__Exercise__:
Count the lines in the material below that contain the word "point" and give the number alone.

#####

(* Let $X$ be a regular totally Lindelöf space and $\mathcal{F}$ a filter base on $X$ stable under countable intersections. Then there is a compact set $K\subseteq X$ such that $\mathcal{F}\vee G_\delta(K):=\{F_0\cap F_1: F_0,F_1\in\mathcal{F}\cup G_\delta(K)\}$ is a total filter base stable under countable intersections that extends $\mathcal{F}$.
   Context: A filter base on $X$ is a nonempty $\mathcal{F}\subseteq\mathcal{P}(X)$ with $\emptyset\notin\mathcal{F}$ and closed under pairwise intersections; it is stable under countable intersections if for every countable $S\subseteq\mathcal{F}$ there is $H\in\mathcal{F}$ with $H\subseteq\bigcap S$. $G_\delta(K)=\{G\subseteq X: K\subseteq G,\ G\text{ is a countable intersection of open subsets of }X\}$. $ad(\mathcal{F})=\bigcap\{\overline{F}:F\in\mathcal{F}\}$; $\mathcal{F}$ is total if every filter base $\mathcal{H}\supseteq\mathcal{F}$ satisfies $ad(\mathcal{H})\neq\emptyset$. $X$ is totally Lindelöf if every filter base on $X$ stable under countable intersections is contained in a total filter base on $X$ stable under countable intersections. *)

From HB Require Import structures.
From mathcomp Require Import all_boot all_order.
From mathcomp Require Import all_classical all_reals all_analysis.
Set Implicit Arguments. Unset Strict Implicit. Unset Printing Implicit Defensive.
Local Open Scope classical_set_scope.

Section TotallyLindelof.
Context {T : topologicalType}.

Definition tl_filter_base (F : set (set T)) : Prop :=
  F !=set0 /\ ~ F set0 /\ (forall A B, F A -> F B -> F (A `&` B)).

Definition countably_stable (F : set (set T)) : Prop :=
  forall S : set (set T), S `<=` F -> countable S ->
    exists2 H, F H & H `<=` \bigcap_(A in S) A.

Definition Gdelta (K : set T) : set (set T) :=
  [set G | K `<=` G /\ exists U : nat -> set T,
             (forall n, open (U n)) /\ G = \bigcap_n U n].

Definition adh (F : set (set T)) : set T := \bigcap_(A in F) closure A.

Definition tl_total (F : set (set T)) : Prop :=
  forall H, tl_filter_base H -> F `<=` H -> adh H !=set0.

Definition totally_Lindelof : Prop :=
  forall F, tl_filter_base F -> countably_stable F ->
    exists H, [/\ tl_filter_base H, countably_stable H, tl_total H & F `<=` H].

Definition fjoin (F G : set (set T)) : set (set T) :=
  [set C | exists A B, [/\ (F `|` G) A, (F `|` G) B & C = A `&` B]].

End TotallyLindelof.
Arguments totally_Lindelof T : clear implicits.

From mathcomp Require Import all_boot all_order.
From mathcomp Require Import all_classical all_reals all_analysis.
Local Open Scope classical_set_scope.

(* Proof of Proposition 2.4.  Total Lindelöfness extends F to a total filter
   base H stable under countable intersections; we take K := adh H.
   - Adherence of total bases: every open set (hence, by countable stability,
     every G_delta set) containing adh H contains a member of H, and in a
     regular space adh H is compact.  Both facts come from one observation:
     a family P compatible with a total H yields a point adherent to all
     A `&` E, A in H, E in P.
   - Compact sets: for compact K the family G_delta(K) is total, so every
     family containing it is total as well.
   - Joins: for a filter base F and a family G containing setT and closed
     under countable intersections, the members of fjoin F G are exactly
     the sets A `&` B with A in F or A = setT, and B in G.  Hence fjoin F G
     is stable under countable intersections when F is, and it is a filter
     base as soon as all members of F and G contain members of a filter
     base H.
   The theorem follows by applying the join lemmas to G := G_delta(adh H). *)

Section CountableStability.
Context {T : topologicalType}.
Implicit Types F : set (set T).

Lemma countable_enum (X : Type) (S : set X) :
  countable S -> S = set0 \/ exists e : nat -> X, S = range e.
Proof. by move=> /pfcard_geP[->|/surjfunPex[e ->]]; [left | right; exists e]. Qed.

Lemma countably_stableP F : F !=set0 ->
  countably_stable F <-> forall A : nat -> set T, (forall n, F (A n)) ->
    exists2 B, F B & B `<=` \bigcap_n A n.
Proof.
move=> [B0 FB0]; split=> [csF A FA | seqF S SF /countable_enum[->|[e eS]]].
- have [||B FB sB] := csF (range A).
  + by move=> _ [n _ <-].
  + exact: card_le_trans (card_image_le A setT) (countableP _).
  by exists B => // x Bx n _; apply: sB => //; exists n.
- by exists B0 => // x _ A [].
- have [|B FB sB] := seqF e; first by move=> n; apply: SF; rewrite eS; exists n.
  by exists B => // x Bx A; rewrite eS => -[n _ <-]; exact: sB.
Qed.

End CountableStability.

Section GdeltaFamily.
Context {T : topologicalType}.
Implicit Types K U G : set T.

Lemma open_in_Gdelta K U : open U -> K `<=` U -> Gdelta K U.
Proof.
move=> oU KU; split => //; exists (fun=> U); split => //.
by apply/seteqP; split=> x; [move=> Ux n _ | move/(_ 0%N I)].
Qed.

(* G_delta(K) is closed under countable intersections: the doubly indexed
   family of open sets involved is reindexed by nat through pickle. *)
Lemma Gdelta_bigcap K (W : nat -> set T) : (forall n, Gdelta K (W n)) ->
  Gdelta K (\bigcap_n W n).
Proof.
move=> hW; split; first by move=> x Kx n _; exact: (hW n).1.
have [Uf hU] := choice (fun n => (hW n).2).
pose V k := if @unpickle (nat * nat)%type k is Some p then Uf p.1 p.2 else setT.
exists V; split.
  by move=> k; rewrite /V; case: unpickle => [p|]; [exact: (hU p.1).1 | exact: openT].
apply/seteqP; split => x hx.
  move=> k _; rewrite /V; case: unpickle => [[n m]|] //=.
  by have := hx n I; rewrite (hU n).2; apply.
move=> n _; rewrite (hU n).2 => m _.
by have := hx (pickle (n, m)) I; rewrite /V pickleK.
Qed.

End GdeltaFamily.

Section TotalFilterBases.
Context {T : topologicalType}.
Implicit Types H P : set (set T).

(* If every member of a family P (containing setT and closed under finite
   intersections) meets every member of a total filter base H, then the sets
   containing some A `&` E (A in H, E in P) form a filter base extending H;
   a point adherent to it is adherent to all the A `&` E. *)
Lemma total_join_adh H P : tl_filter_base H -> tl_total H -> P setT ->
  (forall E1 E2, P E1 -> P E2 -> P (E1 `&` E2)) ->
  (forall A E, H A -> P E -> A `&` E !=set0) ->
  exists x, forall A E, H A -> P E -> closure (A `&` E) x.
Proof.
move=> [[A0 HA0] [_ HI]] totH PT PI meet.
pose J := [set B | exists A E, [/\ H A, P E & A `&` E `<=` B]].
have fbJ : tl_filter_base J.
  split; first by exists A0, A0, setT; split=> //; rewrite setIT.
  split.
    move=> [A [E [HA PE]]]; rewrite subset0 => AE0.
    by have [y] := meet A E HA PE; rewrite AE0.
  move=> B1 B2 [A1 [E1 [HA1 PE1 s1]]] [A2 [E2 [HA2 PE2 s2]]].
  exists (A1 `&` A2), (E1 `&` E2); split; [exact: HI | exact: PI |].
  by rewrite setIACA; apply: setISS.
have HJ : H `<=` J by move=> A HA; exists A, setT; split => //; rewrite setIT.
have [x adhx] := totH J fbJ HJ.
by exists x => A E HA PE; apply: adhx; exists A, E; split.
Qed.

(* Every open set U containing the adherence of a total filter base H contains
   a member of H: otherwise the supersets of ~` U are compatible with H, which
   produces a point of adh H adherent to the closed set ~` U. *)
Lemma adh_total_open_sub H U : tl_filter_base H -> tl_total H -> open U ->
  adh H `<=` U -> exists2 A, H A & A `<=` U.
Proof.
move=> fbH totH oU sKU; apply: contrapT => noA.
have meet A E : H A -> ~` U `<=` E -> A `&` E !=set0.
  move=> HA sE; apply: contrapT => hAE; apply: noA; exists A => // a Aa.
  by apply: contrapT => nUa; apply: hAE; exists a; split => //; apply: sE.
have [|||x hx] := @total_join_adh H [set E | ~` U `<=` E] fbH totH => //.
  by move=> E1 E2 s1 s2 y nUy; split; [apply: s1 | apply: s2].
have [A0 HA0] := fbH.1.
have Kx : adh H x by move=> A HA; have := hx A setT HA; rewrite setIT; apply.
have cU : closure (~` U) x.
  by apply: (closureS _ (hx A0 (~` U) HA0 (@subset_refl _ _))); apply: subIsetr.
have cl : closed (~` U) by rewrite closedC.
by move: cU; rewrite -(closure_id _).1 //; apply; apply: sKU.
Qed.

Lemma adh_total_Gdelta_sub H G : tl_filter_base H -> tl_total H ->
  countably_stable H -> Gdelta (adh H) G -> exists2 A, H A & A `<=` G.
Proof.
move=> fbH totH csH [sKG [U [oU eG]]]; rewrite eG in sKG *.
have /choice[A hA] : forall n, exists A, H A /\ A `<=` U n.
  move=> n; have [|A HA AU] := @adh_total_open_sub H (U n) fbH totH (oU n).
    by move=> x Kx; exact: sKG x Kx n I.
  by exists A.
have [B HB sB] := (countably_stableP H fbH.1).1 csH A (fun n => (hA n).1).
by exists B => // x Bx n _; apply: (hA n).2; exact: sB x Bx n I.
Qed.

(* In a regular space the adherence of a total filter base is compact: a
   proper filter G containing adh H is compatible with H (through its open
   supersets), and the resulting adherent point is a cluster point of G. *)
Lemma adh_total_compact H : regular_space T -> tl_filter_base H ->
  tl_total H -> compact (adh H).
Proof.
move=> reg fbH totH G PG GK.
pose P := [set U | open U /\ exists2 D, G D & D `<=` U].
have [|||x hx] := @total_join_adh H P fbH totH.
- by split; [exact: openT | exists (adh H)].
- move=> E1 E2 [op1 [D1 g1 s1]] [op2 [D2 g2 s2]]; split; first exact: openI.
  by exists (D1 `&` D2); [exact: filterI | exact: setISS].
- move=> A E HA [oE [D GD DE]].
  have [k [Dk Kk]] := filter_ex (filterI GD GK).
  by apply: (Kk A HA E); apply: open_nbhs_nbhs; split => //; exact: DE.
have [A0 HA0] := fbH.1.
exists x; split.
  move=> A HA; have := hx A setT HA.
  by rewrite setIT; apply; split; [exact: openT | exists (adh H)].
(* x clusters G: if D in G missed a neighbourhood N of x, then D would lie in
   the open set ~` closure M for a closed neighbourhood M of x inside N, while
   x adheres to A0 `&` ~` closure M. *)
move=> D N GD Nx; apply: contrapT => noDN.
have [M Mx cMN] := reg x N Nx.
have PM : P (~` closure M).
  split; first by rewrite openC; exact: closed_closure.
  by exists D => // d Dd cMd; apply: noDN; exists d; split => //; apply: cMN.
have [y [[_ nMy] My]] := hx A0 _ HA0 PM M Mx.
by apply: nMy; apply: subset_closure.
Qed.

Lemma compact_adh_meets (K : set T) H : compact K -> tl_filter_base H ->
  (forall B, H B -> closure B `&` K !=set0) -> adh H `&` K !=set0.
Proof.
move=> cK [[B0 HB0] [_ HI]] meetK.
pose G := filter_from H (fun B => closure B `&` K).
have FG : Filter G.
  apply: filter_from_filter; first by exists B0.
  move=> B1 B2 HB1 HB2; exists (B1 `&` B2); first exact: HI.
  by move=> x [/closureI[c1 c2] Kx]; split; split.
have PG : ProperFilter G by apply: filter_from_proper.
have GK : G K by exists B0 => //; exact: subIsetr.
have [x [Kx clx]] := cK G PG GK.
exists x; split => // B HB.
have : closure (closure B `&` K) x by move=> N Nx; apply: clx => //; exists B.
move/(closureS (@subIsetl _ (closure B) K)).
by rewrite -(closure_id _).1 //; exact: closed_closure.
Qed.

(* For compact K the family G_delta(K) is total: in a filter base H
   containing G_delta(K), each member B has closure meeting K, since
   otherwise the open set ~` closure B would be a member disjoint from B. *)
Lemma compact_Gdelta_total (K : set T) : compact K -> tl_total (Gdelta K).
Proof.
move=> cK H fbH GH; have [_ [H0 HI]] := fbH.
suff meetK B : H B -> closure B `&` K !=set0.
  by have [x [adhx _]] := @compact_adh_meets K H cK fbH meetK; exists x.
move=> HB; apply: contrapT => noK.
have GnB : Gdelta K (~` closure B).
  apply: open_in_Gdelta; first by rewrite openC; exact: closed_closure.
  by move=> k Kk cBk; apply: noK; exists k.
have := HI _ _ HB (GH _ GnB); rewrite (_ : B `&` _ = set0) //.
by rewrite -subset0 => x [Bx]; apply; exact: subset_closure.
Qed.

End TotalFilterBases.

Section Join.
Context {T : topologicalType}.
Context {F G : set (set T)}.

Lemma fjoin_subl : F `<=` fjoin F G.
Proof. by move=> A FA; exists A, A; split; [left | left | rewrite setIid]. Qed.

Lemma fjoin_subr : G `<=` fjoin F G.
Proof. by move=> A GA; exists A, A; split; [right | right | rewrite setIid]. Qed.

Hypothesis fbF : tl_filter_base F.
Hypothesis GT : G setT.
Hypothesis G_bigcap : forall W : nat -> set T, (forall n, G (W n)) ->
  G (\bigcap_n W n).

Lemma G_setI B1 B2 : G B1 -> G B2 -> G (B1 `&` B2).
Proof.
move=> GB1 GB2; have -> : B1 `&` B2 = \bigcap_n (if n is 0 then B1 else B2).
  apply/seteqP; split=> x; first by move=> [? ?] [|n].
  by move=> h; split; [exact: (h 0%N I) | exact: (h 1%N I)].
by apply: G_bigcap => -[|n].
Qed.

Lemma fjoin_normal C : fjoin F G C <->
  exists A B, [/\ (F `|` [set setT]) A, G B & C = A `&` B].
Proof.
have [_ [_ FI]] := fbF.
split=> [[A [B [[FA|GA] [FB|GB] ->]]]|[A [B [[FA|->] GB ->]]]].
- by exists (A `&` B), setT; split; [left; exact: FI | | rewrite setIT].
- by exists A, B; split => //; left.
- by exists B, A; split => //; [left | rewrite setIC].
- by exists setT, (A `&` B); split; [right | exact: G_setI | rewrite setTI].
- by exists A, B; split; [left | right |].
- by exists B, B; split; [right | right | rewrite setTI setIid].
Qed.

Lemma fjoin_setI C1 C2 : fjoin F G C1 -> fjoin F G C2 -> fjoin F G (C1 `&` C2).
Proof.
have [_ [_ FI]] := fbF.
have FTI A1 A2 : (F `|` [set setT]) A1 -> (F `|` [set setT]) A2 ->
    (F `|` [set setT]) (A1 `&` A2).
  by move=> [FA1|->] [FA2|->]; rewrite ?setTI ?setIT; [left; exact: FI|left|left|right].
move=> /fjoin_normal[A1 [B1 [FA1 GB1 ->]]] /fjoin_normal[A2 [B2 [FA2 GB2 ->]]].
apply/fjoin_normal; exists (A1 `&` A2), (B1 `&` B2).
by split; [exact: FTI | exact: G_setI | exact: setIACA].
Qed.

Lemma fjoin_contains C : fjoin F G C -> exists A B, [/\ F A, G B & A `&` B `<=` C].
Proof.
have [[A0 FA0] _] := fbF.
move=> /fjoin_normal[A [B [[FA|->] GB ->]]]; first by exists A, B; split.
by exists A0, B; split => //; rewrite setTI; exact: subIsetr.
Qed.

Lemma fjoin_filter_base H : tl_filter_base H -> F `<=` H ->
  (forall B, G B -> exists2 A, H A & A `<=` B) -> tl_filter_base (fjoin F G).
Proof.
move=> [_ [H0 HI]] FH GH; have [[A0 FA0] _] := fbF.
split; first by exists A0; exact: fjoin_subl.
split; last exact: fjoin_setI.
move=> /fjoin_contains[A [B [FA GB]]]; rewrite subset0 => AB0.
have [A' HA' A'B] := GH B GB.
apply: H0; suff <- : A `&` A' = set0 by apply: HI => //; exact: FH.
by rewrite -subset0 -AB0; exact: setIS.
Qed.

(* Countable stability of F passes to the join: intersect the F-parts using
   the stability of F, and the G-parts inside G. *)
Lemma fjoin_countably_stable : countably_stable F -> countably_stable (fjoin F G).
Proof.
have [[A0 FA0] _] := fbF.
have ne : fjoin F G !=set0 by exists A0; exact: fjoin_subl.
move=> /(countably_stableP F fbF.1) csF; apply/(countably_stableP _ ne) => C fC.
have /choice[p hp] : forall n, exists p : set T * set T,
    [/\ F p.1, G p.2 & p.1 `&` p.2 `<=` C n].
  by move=> n; have /fjoin_contains[A [B [FA GB sAB]]] := fC n; exists (A, B).
have Fp n : F (p n).1 by have [] := hp n.
have Gp n : G (p n).2 by have [] := hp n.
have [A FA sA] := csF (fun n => (p n).1) Fp.
exists (A `&` \bigcap_n (p n).2).
  apply/fjoin_normal; exists A, (\bigcap_n (p n).2).
  by split; [left | exact: G_bigcap |].
move=> x [Ax Bx] n _; have [_ _ sub] := hp n.
by apply: sub; split; [exact: sA x Ax n I | exact: Bx n I].
Qed.

End Join.

Theorem proposition2p4 (T : topologicalType) :
  regular_space T -> totally_Lindelof T ->
  forall F : set (set T), tl_filter_base F -> countably_stable F ->
  exists K : set T, compact K /\
    [/\ tl_filter_base (fjoin F (Gdelta K)), countably_stable (fjoin F (Gdelta K)),
        tl_total (fjoin F (Gdelta K)) & (F `<=` fjoin F (Gdelta K))].
Proof.
move=> reg TL F fbF csF.
(* K is the adherence of a total countably stable extension H of F. *)
have [H [fbH csH totH FH]] := TL F fbF csF.
have cK : compact (adh H) by exact: adh_total_compact.
have GT : Gdelta (adh H) setT by exact: open_in_Gdelta openT (@subsetT _ _).
have Gcap := @Gdelta_bigcap T (adh H).
exists (adh H); split => //; split.
- apply: (fjoin_filter_base fbF GT Gcap _ fbH FH) => B.
  exact: adh_total_Gdelta_sub.
- exact: fjoin_countably_stable.
- move=> H' fbH' sH'.
  exact: compact_Gdelta_total cK H' fbH' (subset_trans fjoin_subr sH').
- exact: fjoin_subl.
Qed.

#####

__Exercise result__:
4